Nevertheless, this was and still is one of your old-line, ponderous, chugging hard-rock bands, and, in view of the fact that hundreds of bands have tried to make that kind of sound, it seem rather extraordinary that Led Zeppelin has such a definite sound of its own. That's tribute to Robert Plant and Jimmy Page, I suppose; they do the writing and provide the two main sounds, so it must be they who keep a force of personality coming through. It comes through here, in another album that seems to me -- as their albums usually do -- uneven. The worst of it may be "Candy Store Rock," which sounds at most like an inane tribute to Gene Vincent, but then "Achilles Last Stand" surely does go on a lot. "For Your Life" and "Nobody's Fault but Mine," though, have that good, old-time Led Zep crunch to them, reminding me that a lot of us are quite fond of this band in spite of ourselves.
- Noel Coppage, Stereo Review, 7/76.
Back after more than a year's recording break, rock's premier heavy metal rockers serve up their usual dose of crashing, wall of sound music. Difference here from most other Zep sets is a generally more sophisticated approach, with Jimmy Page spacing his solos between skilled chord playing, Robert Plant offering well-controlled vocals, and the rhythm section of John Paul Jones and John Bonham coming more to the forefront. Generally uptempo material with interesting structural changes, with one more blues-oriented song also standing out. Usual tribute to earlier rock included, but majority of set is unadulterated Led Zeppelin. One of the few groups of this genre able to retain fans as the years go by, and one of the few able to combine frenetic and controlled playing. Best cuts: "For Your Life," "Royal Orleans," "Nobody's Fault But Mine," "Candy Rock Store," "Hots On For Nowhere."
- Billboard, 1976.
Originals and influentials they obviously are, but too often individual pieces of their unprecedented music aren't necessary. They didn't have time to get really silly here, so this is unusually consistent, but "Hots on for Nowhere" is as close as it comes to a commanding cut, and I prefer "Whole Lotta Love" and "Rock and Roll" and "Dancing Days." Nu? B
- Robert Christgau, Christgau's Record Guide, 1981.

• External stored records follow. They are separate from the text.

(* Let $K\in\mathbb{Z}_{>0}$ and let $\{\mathcal{N}_j\}_{j=1}^K$ be a set of $K$ known $n$-qubit quantum channels. Let $\ell:[0,1]\to\mathbb{R}$ be convex and $L$-Lipschitz. There exists an online learning strategy that, when presented sequentially with channel test operators $E_{A,B}^{(t)}$, $t\in\{1,\dots,T\}$, and associated losses $\ell_t(\cdot)=\ell((\cdot)-b_t)$ with $b_t\in[0,1]$, outputs Choi matrix hypotheses of the form $N_{A,B}^{(t)}=\sum_{j=1}^K p_j^{(t)}C(\mathcal{N}_j)$ with $(p_1^{(t)},\dots,p_K^{(t)})$ a probability vector, such that \[ \sum_{t=1}^T \ell_t\big(\mathrm{Tr}[E_{A,B}^{(t)}N_{A,B}^{(t)}]\big) - \sum_{t=1}^T \ell_t\big(\mathrm{Tr}[E_{A,B}^{(t)}C_{A,B}^{\mathcal{N}}]\big) = \mathcal{O}\big(L\sqrt{T\log K}\big) \] for every $\mathcal{N}$ in the convex hull of $\{\mathcal{N}_j\}_{j=1}^K$.
   Context: $A,B$ are $n$-qubit systems, $d=2^n$. The Choi matrix of a linear map $\mathcal{N}$ is $C(\mathcal{N})=C^{\mathcal{N}}_{A,B}=\sum_{i,j=0}^{d-1}|i\rangle\langle j|\otimes\mathcal{N}(|i\rangle\langle j|)$. A channel test operator is $E_{A,B}\geq0$ with $E_{A,B}\leq\sigma_A\otimes\mathbb{1}_B$ for some density operator $\sigma_A$. In round $t$ the adversary presents $E^{(t)}$, the learner outputs $N^{(t)}$ (depending only on past information) and predicts $\mathrm{Tr}[E^{(t)}N^{(t)}]$, then $b_t$ is revealed. *)

From HB Require Import structures.
From mathcomp Require Import all_boot all_order all_algebra.
From mathcomp Require Import complex mxtens.
From mathcomp Require Import reals exp.
Set Implicit Arguments. Unset Strict Implicit. Unset Printing Implicit Defensive.
Import Order.TTheory GRing.Theory Num.Theory.
Local Open Scope ring_scope.

Section QDefs.
Variable R : realType.
Local Notation C := R[i].

Definition adjmx m n (A : 'M[C]_(m, n)) : 'M[C]_(n, m) := (map_mx Num.conj A)^T.

Definition psd m (A : 'M[C]_m) : Prop :=
  adjmx A = A /\ forall v : 'cV[C]_m, 0 <= ((adjmx v) *m A *m v) 0 0.

Definition loewner_le m (A B : 'M[C]_m) : Prop := psd (B - A).

Definition density m (rho : 'M[C]_m) : Prop := psd rho /\ \tr rho = 1.

Definition mxblock_at k d (X : 'M[C]_(k * d)) (a b : 'I_k) : 'M[C]_d :=
  \matrix_(i, j) X (mxtens_index (a, i)) (mxtens_index (b, j)).

(* (id_k (x) Phi)(X) *)
Definition ampliate k d (Phi : 'M[C]_d -> 'M[C]_d) (X : 'M[C]_(k * d)) : 'M[C]_(k * d) :=
  \sum_(a < k) \sum_(b < k) (delta_mx a b *t Phi (mxblock_at X a b)).

Definition is_channel d (Phi : 'M[C]_d -> 'M[C]_d) : Prop :=
  [/\ (forall (c : C) (X Y : 'M[C]_d), Phi (c *: X + Y) = c *: Phi X + Phi Y),
      (forall (k : nat) (X : 'M[C]_(k * d)), psd X -> psd (ampliate Phi X))
    & (forall X : 'M[C]_d, \tr (Phi X) = \tr X)].

Definition choi d (Phi : 'M[C]_d -> 'M[C]_d) : 'M[C]_(d * d) :=
  \sum_(i < d) \sum_(j < d) (delta_mx i j *t Phi (delta_mx i j)).

Definition test_operator d (E : 'M[C]_(d * d)) : Prop :=
  psd E /\ exists sigma : 'M[C]_d, density sigma /\ loewner_le E (sigma *t (1%:M : 'M[C]_d)).

Definition prob_vec K (p : 'I_K -> R) : Prop :=
  (forall j, 0 <= p j) /\ \sum_(j < K) p j = 1.

Definition rtr_prod m (E N : 'M[C]_m) : R := complex.Re (\tr (E *m N)).

Definition convex_on (a b : R) (f : R -> R) : Prop :=
  forall x y t, a <= x <= b -> a <= y <= b -> 0 <= t <= 1 ->
    f (t * x + (1 - t) * y) <= t * f x + (1 - t) * f y.

Definition lipschitz_on (a b : R) (L : R) (f : R -> R) : Prop :=
  forall x y, a <= x <= b -> a <= y <= b -> `|f x - f y| <= L * `|x - y|.

End QDefs.

(* For a channel N and a test operator 0 <= E <= sigma (x) 1, the Choi matrix is
   positive semidefinite and Tr[(sigma (x) 1) C(N)] = Tr sigma = 1, so
   x_j := Re Tr[E C(N_j)] lies in [0, 1]; moreover Tr[E C(N)] is linear in the
   mixture weights. The problem thus becomes online convex optimisation over the
   probability simplex with losses p |-> ell (<p, x_t> - b_t). A convex L-Lipschitz
   ell has at every point a subgradient s with |s| <= L (the supremum of the
   left difference quotients), and by convexity the regret is bounded by the
   linearised regret sum_t s_t <p_t - q, x_t>. Exponential weights on the gains
   s_t x_t (exponentiated gradient) make the latter at most
   ln K / eta + 2 eta T L^2, and eta = sqrt (T ln K) / (2 L T) gives
   3 L sqrt (T ln K). *)

From HB Require Import structures.
From mathcomp Require Import all_boot all_order all_algebra.
From mathcomp Require Import complex mxtens.
From mathcomp Require Import reals exp.
From mathcomp Require Import sesquilinear spectral.
From mathcomp Require Import classical_sets boolp sequences.
From mathcomp Require Import ring lra.
Import Order.TTheory GRing.Theory Num.Theory.
Set Implicit Arguments. Unset Strict Implicit. Unset Printing Implicit Defensive.
Local Open Scope ring_scope.

Lemma big_mxtens_index (V : nmodType) m n (F : 'I_(m * n) -> V) :
  \sum_k F k = \sum_(i < m) \sum_(j < n) F (mxtens_index (i, j)).
Proof.
rewrite pair_big /= (reindex (@mxtens_index m n)) /=; first by apply: eq_bigr => -[].
by exists (@mxtens_unindex m n) => k _; rewrite ?mxtens_indexK ?mxtens_unindexK.
Qed.

Lemma mxtrace_tens (R : comPzRingType) m n (A : 'M[R]_m) (B : 'M[R]_n) :
  \tr (A *t B) = \tr A * \tr B.
Proof.
rewrite /mxtrace big_mxtens_index mulr_suml; apply: eq_bigr => i _.
by rewrite mulr_sumr; apply: eq_bigr => j _; rewrite tensmxE.
Qed.
Lemma mod2_pow2_divn m n : (0 < n)%N -> (logn 2 n < m)%N -> mod2 (2 ^+ m / n%:R) false.
Proof.
move=> n_gt0 log_lt; have [d d_odd n_eq] := pfactor_coprime (isT : prime 2) n_gt0.
rewrite coprime2n in d_odd; set k := logn 2 n in n_eq log_lt *.
have -> : 2 ^+ m / n%:R = (2 ^ (m - k))%:R / (2 * (d./2)%:Z + 1)%:~R :> rat.
  have -> : (2 * (d./2)%:Z + 1)%:~R = d%:R :> rat.
    have -> : 2 * (d./2)%:Z + 1 = d%:Z by have := odd_double_half d; rewrite d_odd; lia.
    by rewrite -pmulrn.
  rewrite n_eq natrM !natrX -{1}(subnK (ltnW log_lt)) exprD.
  have : 2 ^+ k != 0 :> rat by rewrite expf_neq0.
  have : d%:R != 0 :> rat by rewrite pnatr_eq0; case: (d) d_odd.
  by move=> d0 p0; field; rewrite d0 p0.
apply: (mod2_divodd (d./2)%:Z); have := mod2_nat (2 ^ (m - k)).
by rewrite oddX subn_eq0 leqNgt log_lt.
Qed.

(** * The normalised coefficients *)

(* The scaling of the r-th target component: it makes every coefficient of the r-th
   component 2-integral and the diagonal one odd. *)
Definition cscale (r : nat) : rat := 2 ^+ (2 * r - 2) / r%:R.

Lemma cscale_cc r a b : (0 < r)%N -> cscale r * cc r a b =
  2 ^+ (2 * r - 1) / r%:R * ((-1) ^+ r * ('C(2 * r, 2 * b + 2)%:R - 'C(2 * r, 2 * a + 1)%:R))
  + (-1) ^+ r * ('C(2 * r, 2 * a + 1)%:R / (2 * r)%:R).
Proof.
move=> r_gt0; rewrite /cscale /cc.
have -> : 2 ^+ (2 * r - 1) = 2 * 2 ^+ (2 * r - 2) :> rat by rewrite -exprS; congr (_ ^+ _); lia.
have -> : 2%:R ^- (2 * r) = (4 * 2 ^+ (2 * r - 2))^-1 :> rat.
  by rewrite -[4]/(2 ^+ 2 : rat) -exprD; congr (_ ^+ _)^-1; lia.
have : 2 ^+ (2 * r - 2) != 0 :> rat by rewrite expf_neq0.
have : r%:R != 0 :> rat by rewrite pnatr_eq0 -lt0n.
by move=> r0 p0; rewrite natrM; field; rewrite r0 p0.
Qed.

Lemma mod2_binom_div r a : (0 < r)%N ->
  mod2 ('C(2 * r, 2 * a + 1)%:R / (2 * r)%:R) (odd 'C(2 * r - 1, 2 * a)).
Proof.
move=> r_gt0; have := mul_bin_diag (2 * r) (2 * a).
rewrite -subn1 addn1 => bin_eq.
have -> : 'C(2 * r, (2 * a).+1)%:R / (2 * r)%:R = 'C(2 * r - 1, 2 * a)%:R / ((2 * a).+1)%:R :> rat.
  apply/eqP; rewrite eqr_div ?pnatr_eq0 ?muln_eq0 -?lt0n ?r_gt0 //.
  by rewrite -!natrM mulnC -bin_eq mulnC.
have -> : ((2 * a).+1)%:R = (2 * a%:Z + 1)%:~R :> rat.
  by rewrite pmulrn; congr (1 *~ _); lia.
by apply: mod2_divodd; apply: mod2_nat.
Qed.

Lemma mod2_cscale_cc r a b : (0 < r)%N -> mod2 (cscale r * cc r a b) (odd 'C(2 * r - 1, 2 * a)).
Proof.
move=> r_gt0; rewrite cscale_cc //.
apply: (mod2D (b1 := false)); last by apply: mod2M (mod2_sign r) (mod2_binom_div a r_gt0).
apply: mod2M (mod2_pow2_divn r_gt0 _) _; first by have := ltn_logl 2 r_gt0; lia.
by apply: mod2M (mod2_sign r) (mod2B (mod2_nat _) (mod2_nat _)).
Qed.

Lemma mod2_cscale_cc_diag r : (0 < r)%N -> mod2 (cscale r * cc r r.-1 0) true.
Proof.
move=> r_gt0; have := mod2_cscale_cc r.-1 0 r_gt0.
have -> : (2 * r - 1 = (2 * r.-1).+1)%N by lia.
by rewrite binSn /= oddM.
Qed.

Lemma mod2_cscale_cc_antisym r x y : (x + y + 1 = r)%N ->
  mod2 (cscale r * (cc r x y - cc r y x)) false.
Proof.
move=> r_eq; have r_gt0 : (0 < r)%N by lia.
rewrite mulrBr !cscale_cc //.
have -> : 'C(2 * r, 2 * y + 1) = 'C(2 * r, 2 * x + 1).
  by rewrite -bin_sub; [congr 'C(_, _) | ]; lia.
set E := 2 ^+ _ / _; set s := (-1) ^+ r.
have -> : forall c1 c2 c3 d : rat,
    E * (s * (c1 - c3)) + s * d - (E * (s * (c2 - c3)) + s * d) = E * (s * (c1 - c2)).
  by move=> *; ring.
apply: mod2M (mod2_pow2_divn r_gt0 _) _; first by have := ltn_logl 2 r_gt0; lia.
by apply: mod2M (mod2_sign r) (mod2B (mod2_nat _) (mod2_nat _)).
Qed.

Lemma mod2_cscale_even_sign r n : (0 < r)%N -> mod2 (cscale r * (2 * (-1) ^+ n)) false.
Proof.
move=> r_gt0; have -> : cscale r * (2 * (-1) ^+ n) = 2 ^+ (2 * r - 1) / r%:R * (-1) ^+ n.
  rewrite /cscale (_ : 2 * r - 1 = (2 * r - 2).+1)%N ?exprS; first by ring.
  by lia.
apply: mod2M (mod2_pow2_divn r_gt0 _) (mod2_sign n).
by have := ltn_logl 2 r_gt0; lia.
Qed.

Definition phi_c (w : word) : rat :=
  \sum_(a < (size w).+1) \sum_(b < (size w).+1) (w == cword a b)%:R * cc (a + b + 1) a b.

Definition phi_d (w : word) : rat :=
  \sum_(n < (size w).+1) (w == pow01 n ++ [:: x0])%:R * (2 * (-1) ^+ n).

Lemma phiE w : phi w = phi_c w + phi_d w.
Proof. by []. Qed.

Lemma sum_ord_delta (R : pzSemiRingType) n x (x_lt : (x < n)%N) (F : 'I_n -> R) :
  \sum_(i < n) (i == x :> nat)%:R * F i = F (Ordinal x_lt).
Proof.
rewrite (bigD1 (Ordinal x_lt)) //= eqxx mul1r big1 ?addr0 // => i.
by rewrite -val_eqE /= => /negbTE ->; rewrite mul0r.
Qed.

Presence scales back the size of Physical Graffiti to a single album, but it retains the grandiose scope of the double album. If anything, Presence has more majestic epics than its predecessor, opening with the surging ten-minute "Achilles Last Stand" and closing with the meandering, nearly ten-minute "Tea for One." In between, Zeppelin adds the lumbering blues workout "Nobody's Fault but Mine" and the terse, menacing "For Your Life," which is the best song on the album. These four tracks take up the bulk of the album, leaving three lighthearted throwaways to alleviate the foreboding atmosphere of the epics, as well as their pretensions. If all of the throwaways were as focused and funny as those on Physical Graffiti or Houses of the Holy, Zeppelin would have had another classic on their hands. However, the Crescent City love letter of "Royal Orleans" sags in the middle and the erstatz rockabilly of "Candy Store Rock" doesn't muster up the loose, funky swagger of "Hots on for Nowhere," which it should in order to work. The three throwaways are also scattered haphazardly throughout the album, making it seem more ponderous than it actually is, and the result is the weakest album they had yet recorded. * * * *
- Stephen Thomas Erlewine, The All-Music Guide to Rock, 1995.
Somewhat haphazard due to deadline pressures, Presence is the most underrated title in the Zep canon, with another engaging epic in "Achilles' Last Stand."
- Gary Graff, Musichound Rock: The Essential Album Guide, 1996.